Костя уходит. Что бы я ему сейчас ни сказала, он все равно уйдет. Он остановится только, если бы я сказала:
«Ничего не случилось. Сегодня все точно так же, как и два дня назад».
Но я не могла и не хотела говорить этих слов.
ВО ЧТО МЫ ВЕРИМ
Это рассказывал отец, вечером, маме, когда мы ужинали.
…Он стоял у самосвала с щебенистыми дымовыми блоками. Борта были откинуты, с башенного крана свисали пустые железные тросы. Человек пятнадцать рабочих окружили машину. Среди них был и Костин отец, Михаил Алексеевич, — он уже неделю работал на участке. Пока только «осматривался», привыкал.
Бутько, с засунутыми в карманы пиджака пустыми рукавами, стоял в кузове на блоках.
— Борис Петрович, сам знаешь, работа моя какая, — «мотай-давай», — и я даю! — оправдываясь, говорил он. Но стоял хмурый, озабоченный, — сам не верил, что не виноват. — С этим проклятым железобетоном в тупик зашло! — признался он. — Ну, — брак! Что, думаешь, я не вижу, что брак? — брак! Ну, ты не взял вчера, отправил блоки назад, на завод. А там, на заводе, и ухом не повели. Эти же блоки снабженцы с других строек чуть не с самосвала расхватали. Нам же пришлось их всю ночь караулить!
Бугько потер подошвой ботинка вздыбившийся пузырь на поверхности блока и посмотрел на отца: «Вот ведь какая штука! Попробуй, возьми этого Кириллова голыми руками, — скажет: „Улучшаем технологию… Еще не улучшили… Ты отказываешься от брака, ты и страдаешь“. Да рикошетом другим участкам перепадает».
Отцу не надо было много слов, чтобы представить этот разговор с Кирилловым, и то чувство беспомощности и зависимости, которое испытывал Бутько. Отец хорошо знал Кириллова, флегматичного, непробиваемо спокойного, полного сознания, что у него, главного инженера, можно только просить, но не требовать… Завод железобетонных изделий был слишком мал для всех севастопольских строек. И железобетона постоянно не хватало.
Пряжников стоял рядом с отцом. Наверное, он и там был единственным военным среди всех штатских. И не потому, что на нем был китель с медяшками пуговиц, — морские кителя, поношенные, с обтертыми локтями тужурки были и на других рабочих.
Сначала отцу показалось, что и Пряжников уже передумал, согласившись, что лучше плохие блоки, чем никаких. Но только потом увидел его карие, с желтыми белками, наблюдающие глаза. Отцу стало не по себе под этим наблюдающим, хотя и не без искреннего сочувствия, взглядом.

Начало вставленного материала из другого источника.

(* Suppose [j] is adjacent neither to [i] nor to any of the first
   K = (c + 3) log n neighbours of [i], and let L = n(n-1)/2. If [i] has at
   least K neighbours, the K bits of E(G) recording the edges from [j] to these
   neighbours are all 0, which leaves at most 2^(L-K) possible strings. If [i]
   has fewer than K neighbours, the n - 1 bits of the row of [i] can be
   replaced by the list of its neighbours, which leaves at most
   2^(L+1-n) (n+1)^K strings. The set of strings with this property is
   decidable from (n, i, j, K), so E(G) is computed from i, j, and its rank r
   in that set by a fixed program searching through all strings. This is a
   description of E(G) given (n, floor(c log n)) of length
   2 log n + L - K + O(1) = L - (c + 1) log n + O(1), which for large n
   contradicts the c log n randomness of G. *)

(** * Cantor pairing *)

Fixpoint unpair (x : nat) : nat * nat :=
  if x is x'.+1 then
    let: (a, b) := unpair x' in if a is a'.+1 then (a', b.+1) else (b.+1, 0)
  else (0, 0).

Lemma unpairS x : unpair x.+1 =
  let: (a, b) := unpair x in if a is a'.+1 then (a', b.+1) else (b.+1, 0).
Proof. by []. Qed.

Lemma cpairSr a b : cpair a b.+1 = (cpair a.+1 b).+1.
Proof. by rewrite /cpair addnS addSn addnS. Qed.

Lemma cpairS0 b : cpair b.+1 0 = (cpair 0 b).+1.
Proof.
rewrite /cpair !addn0 add0n -!divn2.
have -> : b.+1 * b.+2 = b * b.+1 + b.+1 * 2 by nia.
by rewrite divnDMl // ?addnS ?addn1.
Qed.

Definition unpair1 x := (unpair x).1.
Definition unpair2 x := (unpair x).2.

Lemma cpair_unpair x : cpair (unpair1 x) (unpair2 x) = x.
Proof.
rewrite /unpair1 /unpair2; elim: x => [|x IH] //; rewrite unpairS.
case: (unpair x) IH => [[|a] b] /= IH; first by rewrite cpairS0 IH.
by rewrite cpairSr IH.
Qed.
(* Let $m=2$ attributes, each taking values in $\{1,\dots,d\}$, with $p(\cdot\mid z)$ an additive energy distribution for all $z\in\{1,\dots,d\}^2$. Suppose $\mathcal{Z}^{\mathsf{train}}$ (the support of the training prior) consists of $s$ attribute vectors drawn uniformly at random from $\{1,\dots,d\}^2$, and let $q(x,z)=q(z)q(x\mid z)$ be a test distribution with $q(x\mid z)=p(x\mid z)$ for all $z\in\{1,\dots,d\}^2$ and attribute support $\mathcal{Z}^{\mathsf{test}}\subseteq\{1,\dots,d\}^2$. Let $c>0$. If $s\ge 8cd\log d$ with $d$ sufficiently large, the additive energy classifier satisfies $\hat p(z\mid x)=p(z\mid x)$ for all $z\in\mathcal{Z}^{\mathsf{train}}$ and $x\in\mathbb{R}^n$, and $\hat q(z)=q(z)$ for all $z\in\mathcal{Z}^{\mathsf{test}}$, then with probability greater than $1-\frac1c$ the CRM predictor satisfies $\hat q(z\mid x)=q(z\mid x)$ for all $z\in\mathcal{Z}^{\mathsf{test}}$ and $x\in\mathbb{R}^n$.
   Context: $\sigma(z)\in\{0,1\}^{2d}$ is the concatenation of one-hot encodings of $z_1,z_2$. An additive energy distribution family is $p(x\mid z)=\frac{1}{\mathbb{Z}(z)}\exp(-\langle\sigma(z),E(x)\rangle)$ with $E:\mathbb{R}^n\to\mathbb{R}^{2d}$, $\mathbb{Z}(z)=\int\exp(-\langle\sigma(z),E(x)\rangle)dx<\infty$, support $\mathbb{R}^n$. Given $\hat E:\mathbb{R}^n\to\mathbb{R}^{2d}$, $\hat B:\mathcal{Z}^{\mathsf{train}}\to\mathbb{R}$, the additive energy classifier is $\hat p(z\mid x)\propto\exp(-\langle\sigma(z),\hat E(x)\rangle+\log p(z)-\hat B(z))$, normalized over $z\in\mathcal{Z}^{\mathsf{train}}$. The extrapolated bias is $B^\star(z)=\log\mathbb{E}_{x\sim p(x)}\big[\exp(-\langle\sigma(z),\hat E(x)\rangle)/\sum_{\tilde z\in\mathcal{Z}^{\mathsf{train}}}\exp(-\langle\sigma(\tilde z),\hat E(x)\rangle+\log p(\tilde z)-\hat B(\tilde z))\big]$, with $p(x)$ the training marginal. Given a distribution $\hat q$ on attributes, the CRM predictor is $\hat q(z\mid x)\propto\exp(-\langle\sigma(z),\hat E(x)\rangle+\log\hat q(z)-B^\star(z))$, normalized over the support of $\hat q$. *)

From HB Require Import structures.
From mathcomp Require Import all_boot all_order all_algebra.
From mathcomp Require Import all_classical all_reals all_analysis.
Set Implicit Arguments. Unset Strict Implicit. Unset Printing Implicit Defensive.
Import Order.TTheory GRing.Theory Num.Theory.
Local Open Scope classical_set_scope.
Local Open Scope ring_scope.

Notation attr d := ('I_d * 'I_d)%type.

Section AdditiveEnergy.
Variable R : realType.

(* sigma(z) in {0,1}^(2d): concatenation of the one-hot encodings of z1, z2. *)
Definition onehot2 (d : nat) (z : attr d) (i : 'I_(d + d)) : R :=
  ((i == lshift d z.1) || (i == rshift d z.2))%:R.

Variables (dT : measure_display) (T : measurableType dT).

Definition energy (d : nat) (E : T -> 'I_(d + d) -> R) (x : T) (z : attr d) : R :=
  \sum_(i < d + d) onehot2 z i * E x i.

Variable mu : {measure set T -> \bar R}.

Definition partitionZ (d : nat) (E : T -> 'I_(d + d) -> R) (z : attr d) : \bar R :=
  (\int[mu]_x (expR (- energy E x z))%:E)%E.

Definition additive_energy_family (d : nat) (E : T -> 'I_(d + d) -> R) : Prop :=
  (forall i, measurable_fun setT (fun x => E x i)) /\
  (forall z : attr d, (partitionZ E z < +oo)%E).

Definition pcond (d : nat) (E : T -> 'I_(d + d) -> R) (z : attr d) (x : T) : R :=
  expR (- energy E x z) / fine (partitionZ E z).

Definition is_attr_distr (d : nat) (pz : attr d -> R) : Prop :=
  (forall z, 0 <= pz z) /\ \sum_(z : attr d) pz z = 1.

Definition attr_support (d : nat) (pz : attr d -> R) : {set attr d} :=
  [set z | 0 < pz z].

Definition marginal (d : nat) (E : T -> 'I_(d + d) -> R) (pz : attr d -> R) (x : T) : R :=
  \sum_(z : attr d) pz z * pcond E z x.

Definition posterior (d : nat) (E : T -> 'I_(d + d) -> R) (pz : attr d -> R)
  (z : attr d) (x : T) : R :=
  pz z * pcond E z x / marginal E pz x.

Definition aec_logit (d : nat) (Eh : T -> 'I_(d + d) -> R) (pz : attr d -> R)
  (Bh : attr d -> R) (x : T) (z : attr d) : R :=
  - energy Eh x z + ln (pz z) - Bh z.

Definition aec (d : nat) (Ztr : {set attr d}) (Eh : T -> 'I_(d + d) -> R)
  (pz : attr d -> R) (Bh : attr d -> R) (z : attr d) (x : T) : R :=
  expR (aec_logit Eh pz Bh x z) / \sum_(z' in Ztr) expR (aec_logit Eh pz Bh x z').

Definition extrap_bias (d : nat) (E : T -> 'I_(d + d) -> R) (pz : attr d -> R)
  (Ztr : {set attr d}) (Eh : T -> 'I_(d + d) -> R) (Bh : attr d -> R) (z : attr d) : R :=
  ln (fine (\int[mu]_x
    (marginal E pz x * (expR (- energy Eh x z) /
        \sum_(z' in Ztr) expR (aec_logit Eh pz Bh x z')))%:E)%E).

Definition crm_logit (d : nat) (E : T -> 'I_(d + d) -> R) (pz : attr d -> R)
  (Ztr : {set attr d}) (Eh : T -> 'I_(d + d) -> R) (Bh : attr d -> R)
  (qh : attr d -> R) (x : T) (z : attr d) : R :=
  - energy Eh x z + ln (qh z) - extrap_bias E pz Ztr Eh Bh z.

Definition crm (d : nat) (E : T -> 'I_(d + d) -> R) (pz : attr d -> R)
  (Ztr : {set attr d}) (Eh : T -> 'I_(d + d) -> R) (Bh : attr d -> R)
  (qh : attr d -> R) (z : attr d) (x : T) : R :=
  expR (crm_logit E pz Ztr Eh Bh qh x z) /
  \sum_(z' in attr_support qh) expR (crm_logit E pz Ztr Eh Bh qh x z').

End AdditiveEnergy.

(* Probability, under s i.i.d. uniform draws from {1..d}^2, of an event on
   the drawn s-tuple. *)
Definition prob_draws (R : realType) (d s : nat) (P : s.-tuple (attr d) -> Prop) : R :=
  (\sum_(t : s.-tuple (attr d)) (`[< P t >])%:R) / ((d * d) ^ s)%:R.

Definition drawn_set (d s : nat) (t : s.-tuple (attr d)) : {set attr d} :=
  [set z in t].

From HB Require Import structures.
From mathcomp Require Import all_boot all_order all_algebra.
From mathcomp Require Import all_classical all_reals all_analysis.
From mathcomp Require Import measurable_realfun zify ring lra.
Import Order.TTheory GRing.Theory Num.Theory.
Local Open Scope classical_set_scope.
Local Open Scope ring_scope.

Set Implicit Arguments.
Unset Strict Implicit.
Unset Printing Implicit Defensive.

(* If the additive energy classifier is exact on Z^train, then for z in Z^train the energy
   gap E(x, z) - Eh(x, z) equals ln r(x) + k(z), where r(x) is the ratio of the classifier's
   normaliser to the marginal p(x).  Both energies are a term in z1 plus a term in z2, so for
   two inputs x, x' the difference of the gaps is an additive function of (z1, z2) which is
   constant on Z^train; it is constant everywhere as soon as Z^train is connected as a bipartite
   graph.  The gap is then ln r(x) + k(z) for every z, hence B*(z) = k(z) + ln Z(z) and the CRM
   logits are ln (q(z) p(x | z)) + ln r(x): the CRM predictor is the test posterior.
   If the s drawn edges leave the graph disconnected, they all avoid some cut having
   0 < k <= d vertices on one side.  A uniform edge avoids it with probability at most
   1 - k / (2d), so for s >= 8 d ln d the union bound over cuts bounds the failure probability
   by (1 + d^-4)^(2d) - 1 <= 4/d < 1/c for large d; when c <= 1 the claim only needs one
   connected draw. *)

Local Notation colouring d := {ffun 'I_d + 'I_d -> bool}.

Lemma expr1D_sub1_le (R : realType) (x : R) n : 0 <= x -> n%:R * x <= 2^-1 ->
  (1 + x) ^+ n - 1 <= 2 * (n%:R * x).
Proof.
move=> x_ge0; set y := n%:R * x => y_le.
have y_ge0 : 0 <= y by rewrite mulr_ge0.
have pow_le : (1 + x) ^+ n <= expR y.
  rewrite /y expRM_natl lerXn2r ?nnegrE ?expR_ge0 ?expR_ge1Dx //.
  by rewrite addr_ge0.
have exp_le : expR y <= (1 - y)^-1.
  have := expR_ge1Dx (- y); rewrite expRN => h.
  by rewrite -[expR y]invrK lef_pV2 ?posrE ?invr_gt0 ?expR_gt0 //; lra.
have inv_le : (1 - y)^-1 <= 1 + 2 * y.
  rewrite -[X in X <= _]mul1r ler_pdivrMr; last lra.
  have : 0 <= y * (1 - 2 * y) by apply: mulr_ge0; lra.
  nra.
lra.
Qed.

Lemma sum_all_tuples (R : numDomainType) (T : finType) (A : pred T) s :
  \sum_(t : s.-tuple T) (all A t)%:R = (#|A| ^ s)%:R :> R.
Proof.
rewrite -[s in (_ ^ s)%N]card_ord -card_ffun_on -sum1_card natr_sum [RHS]big_mkcond /=.
rewrite (reindex (@tuple_of_finfun T s)) /=; last first.
  by exists finfun_of_tuple => t _; [exact: tuple_of_finfunK | exact: finfun_of_tupleK].
apply: eq_bigr => f _; have -> : all A (tuple_of_finfun f) = (f \in ffun_on A).
  apply/allP/ffun_onP => [Af i|Af _ /mapP[i _ ->]]; last exact: Af.
  by apply: Af; apply: map_f; rewrite mem_enum.
by case: (f \in ffun_on A).
Qed.

Section AttributeGraph.
Variable d : nat.

(* [Z] is read as the edge set of the bipartite graph on 'I_d + 'I_d joining [inl z.1] to
   [inr z.2]; it is connected iff every non-constant 2-colouring of the vertices has an edge
   of [Z] with differently coloured ends. *)
Definition attr_connected (Z : {set attr d}) : Prop :=
  forall f : colouring d, (exists v, f v) -> (exists v, ~~ f v) ->
  exists2 z, z \in Z & f (inl z.1) != f (inr z.2).

Lemma attr_connected_additive (V : zmodType) (Z : {set attr d}) (a b : 'I_d -> V) g :
  attr_connected Z -> (forall z, z \in Z -> a z.1 + b z.2 = g) ->
  forall i j, a i + b j = g.
Proof.
move=> Zconn abZ i j; apply: contrapT => /eqP abg.
pose level v := match v with inl i' => a i' | inr j' => g - b j' end.
pose f := [ffun v => level v == a i].
have fi : f (inl i) by rewrite ffunE.
have fj : ~~ f (inr j) by rewrite ffunE; apply: contra abg => /eqP <-; rewrite subrK.
have [z zZ] := Zconn f (ex_intro _ (inl i) fi) (ex_intro _ (inr j) fj).
by rewrite !ffunE /= -(abZ z zZ) addrK eqxx.
Qed.

End AttributeGraph.

Section AttributeDistributions.
Variables (R : realType) (d : nat).
Implicit Types (pz qz qh : attr d -> R).

Lemma attr_distr_ex_gt0 pz : is_attr_distr pz -> exists z, 0 < pz z.
Proof.
case=> p_ge0 p_sum1; have [/existsP //|/existsPn p_le0] := boolP [exists z, 0 < pz z].
move: p_sum1; rewrite big1 => [/eqP|z _]; first by rewrite eq_sym oner_eq0.
by apply/eqP; rewrite eq_le p_ge0 andbT leNgt p_le0.
Qed.

Lemma notin_attr_support {pz z} : is_attr_distr pz -> z \notin attr_support pz -> pz z = 0.
Proof. by case=> p_ge0 _; rewrite inE -leNgt => p_le0; apply/eqP; rewrite eq_le p_le0 p_ge0. Qed.

Lemma attr_distr_eq qz qh : is_attr_distr qz -> is_attr_distr qh ->
  {in attr_support qz, qh =1 qz} -> qh = qz.
Proof.
move=> qzD [qh_ge0 qh_sum1] qhE.
have le_qz_qh z : qz z <= qh z.
  by have [/qhE -> //|/(notin_attr_support qzD) ->] := boolP (z \in attr_support qz).
have sum_diff0 : \sum_z (qh z - qz z) = 0 by rewrite sumrB qh_sum1 qzD.2 subrr.
apply/funext => z; apply/eqP; rewrite -subr_eq0; apply/eqP.
by apply: (psumr_eq0P (P := predT) _ sum_diff0) => // w _; rewrite subr_ge0.
Qed.

End AttributeDistributions.

Section EnergyFacts.
Variables (R : realType) (dT : measure_display) (T : measurableType dT).
Variable mu : {measure set T -> \bar R}.
Variable d : nat.
Implicit Types (E : T -> 'I_(d + d) -> R) (z : attr d) (pz : attr d -> R).

Lemma energyE E x z : energy E x z = E x (lshift d z.1) + E x (rshift d z.2).
Proof.
have onehot2E i : onehot2 R z i = (i == lshift d z.1)%:R + (i == rshift d z.2)%:R.
  rewrite /onehot2; have [->|] := eqVneq i (lshift d z.1); last by rewrite add0r.
  by rewrite eq_lrshift addr0.
have pick j : \sum_i (i == j)%:R * E x i = E x j.
  by rewrite (bigD1 j) //= eqxx mul1r big1 ?addr0 // => i /negbTE ->; rewrite mul0r.
rewrite /energy -!pick -big_split /=.
by apply: eq_bigr => i _; rewrite onehot2E mulrDl.
Qed.

Lemma measurable_expNenergy E z : (forall i, measurable_fun setT (fun x => E x i)) ->
  measurable_fun setT (fun x => expR (- energy E x z)).
Proof.
move=> mE; apply: measurableT_comp => //; apply: measurableT_comp => //.
by rewrite (funext (fun x => energyE E x z)); exact: measurable_funD.
Qed.

Lemma partitionZ_fin_num E z : additive_energy_family mu E -> partitionZ mu E z \is a fin_num.
Proof.
move=> [_ Zfin]; rewrite ge0_fin_numE ?Zfin //.
by apply: integral_ge0 => x _; rewrite lee_fin expR_ge0.
Qed.

Lemma partitionZ_gt0 E z : (0 < mu setT)%E -> additive_energy_family mu E ->
  0 < fine (partitionZ mu E z).
Proof.
move=> mu_gt0 hE; have Zfin := partitionZ_fin_num z hE.
rewrite lt_def fine_ge0 ?andbT; last first.
  by apply: integral_ge0 => x _; rewrite lee_fin expR_ge0.
apply: contra_ltN mu_gt0 => /eqP Z0; rewrite le_eqVlt; apply/orP; left.
have : (\int[mu]_x `|(expR (- energy E x z))%:E| = 0)%E.
  rewrite -[RHS]/(0%:E) -Z0 fineK //; apply: eq_integral => x _.
  by rewrite gee0_abs // lee_fin expR_ge0.
move/(ae_eq_integral_abs mu measurableT ((measurable_EFinP _ _).2 (measurable_expNenergy z hE.1))).
case=> N [mN N0 subN]; rewrite eq_le measure_ge0 andbT -N0 le_measure ?inE //.
by move=> x _; apply: subN => /(_ I) /= /eqP; rewrite eqe gt_eqF // expR_gt0.
Qed.

Lemma pcond_gt0 E z x : (0 < mu setT)%E -> additive_energy_family mu E -> 0 < pcond mu E z x.
Proof. by move=> mu_gt0 hE; rewrite divr_gt0 ?expR_gt0 ?partitionZ_gt0. Qed.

Отец говорит, что с годами становится работать и легче, и труднее. Частенько обстоятельства складываются так, что ему, начальнику, уже нечего требовать от рабочих. Рабочий работает сейчас, не волыня, не собираясь волынить. Ну, в самом деле, не будет же Пряжников работать, абы время вести! Сейчас темп, качество все в работе зависит от начальников: от него, отца, от начальника управления, от Кириллова, от их умения работать, наконец, от их принципиальности.
— Одного не понимаю! — сказал отец Пряжникову. — Какое я начальство? — А ведь дня не проходит, чтобы кто-нибудь не подходил и не просил помочь добиться квартиры. Неужели к этому Кириллову не ходят его же рабочие, не просят квартир!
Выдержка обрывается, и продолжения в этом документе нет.